[Collected data]
*** Block opens ***
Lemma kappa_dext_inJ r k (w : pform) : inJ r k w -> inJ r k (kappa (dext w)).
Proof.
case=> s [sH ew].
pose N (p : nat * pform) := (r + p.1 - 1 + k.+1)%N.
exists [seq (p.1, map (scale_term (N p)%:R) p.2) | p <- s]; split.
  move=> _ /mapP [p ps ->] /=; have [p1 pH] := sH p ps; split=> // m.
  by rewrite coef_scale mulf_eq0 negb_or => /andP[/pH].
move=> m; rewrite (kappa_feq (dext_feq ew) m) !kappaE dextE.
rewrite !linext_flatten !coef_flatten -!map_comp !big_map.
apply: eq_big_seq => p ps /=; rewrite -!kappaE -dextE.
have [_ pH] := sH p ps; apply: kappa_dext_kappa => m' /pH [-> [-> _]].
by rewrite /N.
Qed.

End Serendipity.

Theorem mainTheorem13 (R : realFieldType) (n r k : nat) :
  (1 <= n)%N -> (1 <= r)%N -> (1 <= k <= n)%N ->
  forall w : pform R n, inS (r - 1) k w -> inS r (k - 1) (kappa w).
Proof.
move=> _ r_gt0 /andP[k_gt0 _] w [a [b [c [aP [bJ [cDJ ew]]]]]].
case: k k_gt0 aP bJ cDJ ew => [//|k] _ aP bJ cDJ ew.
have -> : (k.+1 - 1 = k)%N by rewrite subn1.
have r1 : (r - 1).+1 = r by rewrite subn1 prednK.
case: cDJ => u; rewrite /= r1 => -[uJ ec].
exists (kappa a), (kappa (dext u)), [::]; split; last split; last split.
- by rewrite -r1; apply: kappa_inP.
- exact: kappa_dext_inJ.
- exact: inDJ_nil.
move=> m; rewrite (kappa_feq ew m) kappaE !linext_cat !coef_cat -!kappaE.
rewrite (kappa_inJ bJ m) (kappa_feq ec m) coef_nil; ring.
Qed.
*** Block closes ***
*** Block opens ***
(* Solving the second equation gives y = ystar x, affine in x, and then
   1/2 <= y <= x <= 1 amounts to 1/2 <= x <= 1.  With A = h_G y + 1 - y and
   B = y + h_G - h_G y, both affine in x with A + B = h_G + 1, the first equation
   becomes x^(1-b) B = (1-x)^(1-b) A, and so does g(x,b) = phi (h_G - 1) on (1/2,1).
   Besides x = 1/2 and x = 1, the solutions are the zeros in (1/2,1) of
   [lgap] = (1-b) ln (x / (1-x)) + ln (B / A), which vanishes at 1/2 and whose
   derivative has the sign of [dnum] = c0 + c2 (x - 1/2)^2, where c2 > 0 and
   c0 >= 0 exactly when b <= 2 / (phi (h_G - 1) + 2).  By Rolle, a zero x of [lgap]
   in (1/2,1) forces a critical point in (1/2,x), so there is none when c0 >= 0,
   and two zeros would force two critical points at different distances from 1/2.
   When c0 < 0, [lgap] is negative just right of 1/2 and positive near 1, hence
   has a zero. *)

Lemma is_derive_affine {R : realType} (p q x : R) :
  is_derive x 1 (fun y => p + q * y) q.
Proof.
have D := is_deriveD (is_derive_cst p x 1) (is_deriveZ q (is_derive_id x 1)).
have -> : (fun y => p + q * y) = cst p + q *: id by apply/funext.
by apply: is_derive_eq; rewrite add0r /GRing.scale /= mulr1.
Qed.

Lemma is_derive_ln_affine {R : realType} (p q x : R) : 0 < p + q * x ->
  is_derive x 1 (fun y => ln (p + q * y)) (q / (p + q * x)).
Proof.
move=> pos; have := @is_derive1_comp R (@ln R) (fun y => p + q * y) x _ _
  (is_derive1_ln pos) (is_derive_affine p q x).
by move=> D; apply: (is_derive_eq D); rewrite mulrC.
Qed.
*** Block closes ***
TASK BRIEF =
Above are the lines; repeat exactly the ones from the line containing "derivative has the" down to the line containing "in (1/2,1) forces", both inclusive.

ANSWER FOR THE TASK =
   derivative has the sign of [dnum] = c0 + c2 (x - 1/2)^2, where c2 > 0 and
   c0 >= 0 exactly when b <= 2 / (phi (h_G - 1) + 2).  By Rolle, a zero x of [lgap]
   in (1/2,1) forces a critical point in (1/2,x), so there is none when c0 >= 0,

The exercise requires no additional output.